Так похолодел, что не слышал его речи дальше.
Хотя был Милюков, как сказано и показано чуть выше и будет еще нагляднее представлено в дни кризиса, «десятка неробкого». Тут важен не испуг за себя здесь и сейчас, а промелькнувшее (прямо даже не названное, но явное читателю) в сознании министра предчувствие будущих потрясений.

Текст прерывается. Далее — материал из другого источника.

(* End(M) is a local ring: 1 <> 0 in End(M) (i.e. M <> 0) and the non-units
   of End(M) are closed under addition (hence form an ideal). *)
Definition local_End (R : pzRingType) (M : lmodType R) : Prop :=
  (exists m : M, m != 0) /\
  forall f g : {linear M -> M},
    ~ End_unit f -> ~ End_unit g ->
    ~ (exists h : {linear M -> M}, (forall m, h m = f m + g m) /\ End_unit h).

Definition submodule (R : pzRingType) (M : lmodType R) (N : M -> Prop) : Prop :=
  N 0 /\ (forall x y, N x -> N y -> N (x + y)) /\ (forall (r : R) x, N x -> N (r *: x)).

Definition indecomposable (R : pzRingType) (M : lmodType R) : Prop :=
  (exists m : M, m != 0) /\
  forall N P : M -> Prop, submodule N -> submodule P ->
    (forall m, N m -> P m -> m = 0) ->
    (forall m, exists n p, N n /\ P p /\ m = n + p) ->
    (forall m, N m -> m = 0) \/ (forall m, P m -> m = 0).

Definition ultrafilter (I : Type) (U : (I -> Prop) -> Prop) : Prop :=
  ~ U (fun _ => False) /\
  (forall X Y : I -> Prop, U X -> (forall i, X i -> Y i) -> U Y) /\
  (forall X Y : I -> Prop, U X -> U Y -> U (fun i => X i /\ Y i)) /\
  (forall X : I -> Prop, U X \/ U (fun i => ~ X i)).

Definition countably_complete (I : Type) (U : (I -> Prop) -> Prop) : Prop :=
  forall X : nat -> I -> Prop, (forall n, U (X n)) -> U (fun i => forall n, X n i).

Definition principal (I : Type) (U : (I -> Prop) -> Prop) : Prop :=
  exists i0 : I, forall X : I -> Prop, U X <-> X i0.

Definition nonmeasurable (I : Type) : Prop :=
  forall U : (I -> Prop) -> Prop, ultrafilter U -> countably_complete U -> principal U.

Definition iso_classes_countable (R : pzRingType) (I : Type) (A : I -> lmodType R) : Prop :=
  forall i : I, exists g : I -> nat, forall i1 i2 : I,
    mod_iso (A i) (A i1) -> mod_iso (A i) (A i2) -> g i1 = g i2 -> i1 = i2.

Definition prod_iso (R : pzRingType) (I J : Type)
    (A : I -> lmodType R) (B : J -> lmodType R) : Prop :=
  exists f : (forall i, A i) -> (forall j, B j),
    bijective f /\
    (forall x y, f (fun i => x i + y i) = (fun j => f x j + f y j)) /\
    (forall (r : R) x, f (fun i => r *: x i) = (fun j => r *: f x j)).

(* Since I and J are non-measurable, Łoś's theorem for slender modules says
   that every homomorphism from prod_i A_i (or prod_j B_j) into a slender
   module depends on finitely many coordinates.  Hence the identity of B_j is a
   finite sum of maps factoring through some A_i, and the local endomorphism
   rings force B_j ~ A_i for one of them.  Fix a class C of the A_i: mapping
   n distinct copies of C among the A_i into the B_j and back gives the
   identity n x n matrix over End(C) as a product of an n x m and an m x n
   matrix modulo the maximal ideal, where m counts the B_j ~ C (the other B_j
   only contribute nonunits, being indecomposable and not ~ C).  So the class
   has at least as many members in J as in I, and symmetrically; as classes are
   countable, this yields a bijection on each class, and these glue to sigma. *)

From HB Require Import structures.
From mathcomp Require Import all_boot all_order all_algebra.
From mathcomp Require Import boolp.
From Stdlib Require List.
Set Implicit Arguments. Unset Strict Implicit. Unset Printing Implicit Defensive.
Import GRing.Theory.
Local Open Scope ring_scope.

Section LinearMaps.
Variable S : pzRingType.

(* Linearity as a predicate: the maps we need, e.g. coordinates of maps between
   products, are not bundled. *)
Definition lin (M N : lmodType S) (f : M -> N) :=
  (forall x y, f (x + y) = f x + f y) /\ (forall (r : S) x, f (r *: x) = r *: f x).

Definition linear_of (M N : lmodType S) (f : M -> N) (h : lin f) : {linear M -> N} :=
  HB.pack f (GRing.isSemilinear.Build _ _ _ _ f (proj2 h, proj1 h)).

Variables M N K : lmodType S.

Lemma lin0 (f : M -> N) : lin f -> f 0 = 0.
Proof.
by move=> [fD _]; apply: (addrI (f 0)); rewrite -fD !addr0.
Qed.

Lemma linN (f : M -> N) : lin f -> forall x, f (- x) = - f x.
Proof. by move=> h x; apply/eqP; rewrite -subr_eq0 opprK -(proj1 h) addNr lin0. Qed.

Lemma linB (f : M -> N) : lin f -> forall x y, f (x - y) = f x - f y.
Proof. by move=> h x y; rewrite (proj1 h) linN. Qed.

Lemma lin_id : lin (fun x : M => x). Proof. by []. Qed.

Lemma lin_zero : lin (fun _ : M => (0 : N)).
Proof. by split=> *; rewrite ?addr0 ?scaler0. Qed.

Lemma lin_comp (f : M -> N) (g : N -> K) : lin f -> lin g -> lin (fun x => g (f x)).
Proof. by move=> [fD fZ] [gD gZ]; split=> *; rewrite ?fD ?gD ?fZ ?gZ. Qed.

Lemma lin_add (f g : M -> N) : lin f -> lin g -> lin (fun x => f x + g x).
Proof.
by move=> [fD fZ] [gD gZ]; split=> *; rewrite ?fD ?gD ?fZ ?gZ ?scalerDr // addrACA.
Qed.

Lemma lin_opp (f : M -> N) : lin f -> lin (fun x => - f x).
Proof. by move=> [fD fZ]; split=> *; rewrite ?fD ?fZ ?opprD ?scalerN. Qed.

Lemma lin_sub (f g : M -> N) : lin f -> lin g -> lin (fun x => f x - g x).
Proof. by move=> hf hg; apply: lin_add => //; apply: lin_opp. Qed.

Lemma lin_ext (f g : M -> N) : lin f -> f =1 g -> lin g.
Proof. by move=> [fD fZ] e; split=> *; rewrite -!e ?fD ?fZ. Qed.

Lemma lin_sum (f : M -> N) (T : Type) (s : seq T) (P : pred T) (G : T -> M) : lin f ->
  f (\sum_(t <- s | P t) G t) = \sum_(t <- s | P t) f (G t).
Proof.
move=> hf; elim: s => [|t s IH]; first by rewrite !big_nil (lin0 hf).
by rewrite !big_cons; case: (P t); rewrite ?(proj1 hf) IH.
Qed.

Lemma lin_inv (f : M -> N) g : lin f -> cancel f g -> cancel g f -> lin g.
Proof.
move=> [fD fZ] fK gK; split=> [x y|r x].
  by rewrite -{1}[x]gK -{1}[y]gK -fD fK.
by rewrite -{1}[x]gK -fZ fK.
Qed.

End LinearMaps.

Section LocalEndomorphisms.
Variables (S : pzRingType) (C : lmodType S).

Definition nonunit (f : C -> C) := lin f /\ ~ bijective f.

Lemma nonunit_ext f g : nonunit f -> f =1 g -> nonunit g.
Proof.
move=> [fl fb] e; split; first exact: lin_ext fl e.
by move=> [h gK hK]; apply: fb; exists h => x; rewrite ?e ?gK ?hK.
Qed.

Lemma not_bij0 (f : C -> C) : (exists m : C, m != 0) -> f =1 (fun=> 0) -> ~ bijective f.
Proof.
move=> [m m0] f0 [h fK _]; move: m0.
by rewrite -(fK m) -(fK 0) f0 (f0 0) eqxx.
Qed.

Lemma nonunit_idF : ~ nonunit id.
Proof. by move=> [_ []]; exists id. Qed.

Lemma bij_of_not_nonunit f : lin f -> ~ nonunit f -> bijective f.
Proof. by move=> fl fJ; apply: contrapT => fb; apply: fJ. Qed.

Hypothesis C_local : local_End C.

Lemma nonunit0 : nonunit (fun _ => 0).
Proof. by split; [exact: lin_zero | exact: not_bij0 (proj1 C_local) _]. Qed.

Lemma nonunit_add f g : nonunit f -> nonunit g -> nonunit (fun x => f x + g x).
Proof.
move=> [fl fb] [gl gb]; split; first exact: lin_add.
move=> fgb; apply: (proj2 C_local (linear_of fl) (linear_of gl) fb gb).
by exists (linear_of (lin_add fl gl)).
Qed.

Lemma idempotent_id_or_0 (e : C -> C) : lin e -> (forall x, e (e x) = e x) ->
  e =1 id \/ e =1 (fun=> 0).
Proof.
move=> el ee.
have l1 : lin (fun x => x - e x) by apply: lin_sub => //; exact: lin_id.
have [[h eK hK]|eb] := pselect (bijective e).
  by left => x; rewrite -{2}[x]hK -{1}[x]hK ee.
have [[h eK _]|e'b] := pselect (bijective (fun x => x - e x)).
  right => x; have := eK (e x); rewrite /= ee subrr => <-.
  by have := eK 0; rewrite /= (lin0 el) subrr.
exfalso; apply: nonunit_idF.
apply: nonunit_ext (nonunit_add (conj el eb) (conj l1 e'b)) _ => x.
by rewrite addrC subrK.
Qed.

Понятно, что первомайский Петроград оскорбляет и устрашает и без того удрученную Андозерскую:
Кажется – мирные улицы, уже отошедшая революция, сплошной радостный праздник.
А – страшно.
Ольда – убежденная монархистка; она никогда не ждала от революции ничего хорошего. Новизна ситуации в том, что холодеют давно презираемый идейный противник Андозерской[68] и другие энтузиасты февраля. Так, дурные предчувствия испытывает Сусанна Корзнер, наблюдая первомайские торжества в Москве: «Руфь – нашла во всём много ободряющего. А Сусанна Иосифовна ответила, не отрывая глаз от шествия», начальным двустишием брюсовских «Грядущих гуннов» (93). Стихи эти в устах Сусанны читатель должен соотнести как с декламацией младшей «дамы-активистки» на вечере у Шингарёва волошинского «Ангела Мщенья» (О-16: 26),[69] так и с раздумьями вслух, которыми Струве делится с Шингарёвым в последний предреволюционный день на Троицком мосту: «…И перед своим великим прошлым – мы обязаны. А иначе… Иначе это не свобода будет, а нашествие гуннов на русскую культуру» (М-17: 44).
Первомай в первопрестольной стоит первомая на Неве:
А может быть, все эти демонстрации кажутся страшными только с непривычки?
Да нет, вот и Леонид Андреев, а ведь он чуткий. О петроградской демонстрации, которой все так восхищались, напечатал: «Невесел был наш первый свободный праздник…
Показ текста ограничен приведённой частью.